= EXERCISE GOAL =
Given the material below, return only the lines starting at the line with "Variables (H : lmodType" and ending at the line with "have [v hv] := choice near_inf.", exactly as they appear.

=== Section Start ===

(* Let $\sigma:\mathbb{R}\to\mathbb{R}$ be an increasing odd homeomorphism such that either $\sigma(x)=x$ for all $x$ in a neighborhood of $0$, or $\sigma(x)=x$ for all $x\in\mathbb{Z}$. Let $h(x,y)=(x+y,y)$, $v(x,y)=(x,x+y)$, so that $\Gamma(\mathrm{Id})=\langle h,v\rangle=\mathrm{SL}(2,\mathbb{Z})$. Then: (1) there is a surjective group morphism $\pi:\Gamma(\sigma)\to\Gamma(\mathrm{Id})$ with $\pi(w(h_\sigma,v_\sigma))=w(h,v)$ for every word $w$ in the free group on two letters; (2) the kernel of $\pi$ is the normal subgroup of $\Gamma(\sigma)$ generated by $V_\sigma^2U_\sigma^3$ and $V_\sigma^4$, where $U_\sigma=v_\sigma^{-1}h_\sigma$ and $V_\sigma=h_\sigma^{-1}v_\sigma h_\sigma^{-1}$.
   Context: $h_\sigma(x,y)=(x+\sigma^{-1}(y),y)$, $v_\sigma(x,y)=(x,\sigma(x)+y)$, and $\Gamma(\sigma)$ is the group generated by $h_\sigma,v_\sigma$ under composition. For a word $w$ in the free group $\mathbb F(a,b)$ and elements $x,y$ of a group, $w(x,y)$ denotes the image of $w$ under the morphism $a\mapsto x$, $b\mapsto y$. *)

From Stdlib Require Import Reals List.
Import ListNotations.
Open Scope R_scope.

(* Letters of the free group F(a,b): a generator together with a flag
   [true] meaning "inverse". Words are lists of letters; every element of
   the free group is represented by such a word. *)
Inductive gen := Ga | Gb.
Definition letter := (gen * bool)%type.
Definition word := list letter.

Definition winv (w : word) : word :=
  rev (map (fun l => (fst l, negb (snd l))) w).

Definition pt := (R * R)%type.

(* h_sigma, v_sigma and their inverses; [si] is sigma^{-1}. *)
Definition h_s (s si : R -> R) (p : pt) : pt := (fst p + si (snd p), snd p).
Definition h_s_inv (s si : R -> R) (p : pt) : pt := (fst p - si (snd p), snd p).
Definition v_s (s si : R -> R) (p : pt) : pt := (fst p, s (fst p) + snd p).
Definition v_s_inv (s si : R -> R) (p : pt) : pt := (fst p, snd p - s (fst p)).

Definition letter_map (s si : R -> R) (l : letter) : pt -> pt :=
  match l with
  | (Ga, false) => h_s s si
  | (Ga, true) => h_s_inv s si
  | (Gb, false) => v_s s si
  | (Gb, true) => v_s_inv s si
  end.

(* w(h_sigma, v_sigma): the group law of Gamma(sigma) is composition,
   so [l1; ...; ln] evaluates to l1 o ... o ln. *)
Fixpoint eval_word (s si : R -> R) (w : word) : pt -> pt :=
  match w with
  | [] => fun p => p
  | l :: w' => fun p => letter_map s si l (eval_word s si w' p)
  end.
(* Let $R$ be a von Neumann regular semiartinian ring with primitive factors artinian, of Loewy length $\sigma+1$, with dimension sequence $\{(\lambda_\alpha,\{(n_{\alpha\beta},K_{\alpha\beta})\mid\beta<\lambda_\alpha\})\mid\alpha\le\sigma\}$. Then the following are equivalent: (i) $R$ is commutative; (ii) for all $\alpha\le\sigma$ and $\beta<\lambda_\alpha$, $K_{\alpha\beta}$ is commutative and $n_{\alpha\beta}=1$; (iii) for each $\beta<\lambda_0$, $K_{0\beta}$ is commutative and $n_{0\beta}=1$.
   Context: Socle sequence of $R$: $S_0=0$, $S_{\alpha+1}/S_\alpha=\mathrm{Soc}(R/S_\alpha)$, unions at limits; semiartinian of Loewy length $\sigma+1$ means $S_{\sigma+1}=R$. Primitive factors artinian: $R/P$ artinian for each primitive ideal $P$. For such rings, for each $\alpha\le\sigma$ the layer $S_{\alpha+1}/S_\alpha$ is isomorphic as a ring without unit to $\bigoplus_{\beta<\lambda_\alpha}M_{n_{\alpha\beta}}(K_{\alpha\beta})$, where $\lambda_\alpha>0$ is the number of homogeneous components of the layer, $n_{\alpha\beta}$ positive integers and $K_{\alpha\beta}$ skew-fields (with $K_{\alpha\beta}$ the endomorphism ring of the simple module whose isotypic component is the $\beta$-th homogeneous component); these data form the dimension sequence of $R$. *)

(* Right modules over an abstract (possibly infinite) ring R
   are represented concretely via right ideals of R: every module occurring
   in the socle sequence is a subquotient J/I of R_R. *)
From mathcomp Require Import all_boot all_algebra.
Set Implicit Arguments. Unset Strict Implicit. Unset Printing Implicit Defensive.
Import GRing.Theory.
Local Open Scope ring_scope.

Section RingDefs.
Variable R : nzRingType.

Definition subsetR (A B : R -> Prop) := forall x, A x -> B x.

Definition right_ideal (J : R -> Prop) : Prop :=
  [/\ J 0, (forall x y, J x -> J y -> J (x - y)) & (forall x r, J x -> J (x * r))].

Definition ideal (I : R -> Prop) : Prop :=
  right_ideal I /\ (forall x r, I x -> I (r * x)).

Definition commutative_ring : Prop := forall a b : R, a * b = b * a.

Definition von_neumann_regular : Prop := forall a : R, exists x, a * x * a = a.

Definition maximal_right_ideal (M : R -> Prop) : Prop :=
  [/\ right_ideal M, ~ M 1 &
      forall N, right_ideal N -> subsetR M N -> N 1 \/ subsetR N M].

(* right primitive ideal: the annihilator of a simple right module R/M,
   M a maximal right ideal; ann(R/M) = {r | forall s, s r \in M}. *)
Definition primitive_ideal (P : R -> Prop) : Prop :=
  exists M, maximal_right_ideal M /\ forall r, P r <-> (forall s, M (s * r)).
Lemma converges_ipr u x b : converges u x -> converges_C (fun m => ip b (u m)) (ip b x).
Proof.
move=> h e he; have [N hN] := converges_ipl b h he; exists N => m hm.
by rewrite (ipC (u m)) (ipC x) -rmorphB sqmodJ; apply: hN.
Qed.

End InnerProduct.

Lemma hilbert_complete (R : realType) (H : lmodType R[i]) (ip : H -> H -> R[i]) :
  is_hilbert_space ip -> complete ip.
Proof.
case=> hip hc u hu.
have normC_sqnorm x : `|ip x x| = (sqnorm ip x)%:C.
  by rewrite ip_sqnorm // ger0_norm // lecR sqnorm_ge0.
have [|x hx] := hc u.
  move=> e; rewrite ltcE /= => /andP[/eqP ie re].
  have [N hN] := hu _ re; exists N => m k hm hk.
  by rewrite normC_sqnorm ltcE /= -ie eqxx /=; apply: hN.
exists x => e he; have [|N hN] := hx e%:C; first by rewrite ltcR.
by exists N => m hm; have := hN m hm; rewrite normC_sqnorm ltcR.
Qed.

Section Density.
Variable R : realType.
Local Notation C := R[i].
Variables (H : lmodType C) (ip : H -> H -> C).
Hypothesis hip : is_inner_product ip.
Hypothesis hcomp : complete ip.
Local Notation sqnorm := (sqnorm ip).
Variable S : H -> Prop.
Hypothesis S0 : S 0.
Hypothesis S_comb : forall a x y, S x -> S y -> S (a *: x + y).
Hypothesis S_perp : forall y, (forall s, S s -> ip y s = 0) -> y = 0.

Lemma minimizing_seq x : exists d (v : nat -> H),
  [/\ forall w, S w -> d <= sqnorm (x - w), forall N, S (v N) &
      forall N, sqnorm (x - v N) < d + epsn R N].
Proof.
pose D : classical_sets.set R := fun r => exists2 w, S w & r = sqnorm (x - w).
have D_inf : classical_sets.has_inf D.
  split; first by exists (sqnorm (x - 0)); exists 0.
  by exists 0 => r [w _ ->]; apply: sqnorm_ge0.
have near_inf N : exists w, S w /\ sqnorm (x - w) < inf D + epsn R N.
  by have [r [w Sw ->] hr] := inf_adherent (epsn_gt0 R N) D_inf; exists w.
have [v hv] := choice near_inf.
exists (inf D), v; split=> [w Sw|N|N]; try by case: (hv N).
apply: ge_inf; last by exists w.
by exists 0 => r [? _ ->]; apply: sqnorm_ge0.
Qed.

=== Section End ===

= RESPONSE AREA =
Variables (H : lmodType C) (ip : H -> H -> C).
Hypothesis hip : is_inner_product ip.
Hypothesis hcomp : complete ip.
Local Notation sqnorm := (sqnorm ip).
Variable S : H -> Prop.
Hypothesis S0 : S 0.
Hypothesis S_comb : forall a x y, S x -> S y -> S (a *: x + y).
Hypothesis S_perp : forall y, (forall s, S s -> ip y s = 0) -> y = 0.

Lemma minimizing_seq x : exists d (v : nat -> H),
  [/\ forall w, S w -> d <= sqnorm (x - w), forall N, S (v N) &
      forall N, sqnorm (x - v N) < d + epsn R N].
Proof.
pose D : classical_sets.set R := fun r => exists2 w, S w & r = sqnorm (x - w).
have D_inf : classical_sets.has_inf D.
  split; first by exists (sqnorm (x - 0)); exists 0.
  by exists 0 => r [w _ ->]; apply: sqnorm_ge0.
have near_inf N : exists w, S w /\ sqnorm (x - w) < inf D + epsn R N.
  by have [r [w Sw ->] hr] := inf_adherent (epsn_gt0 R N) D_inf; exists w.
have [v hv] := choice near_inf.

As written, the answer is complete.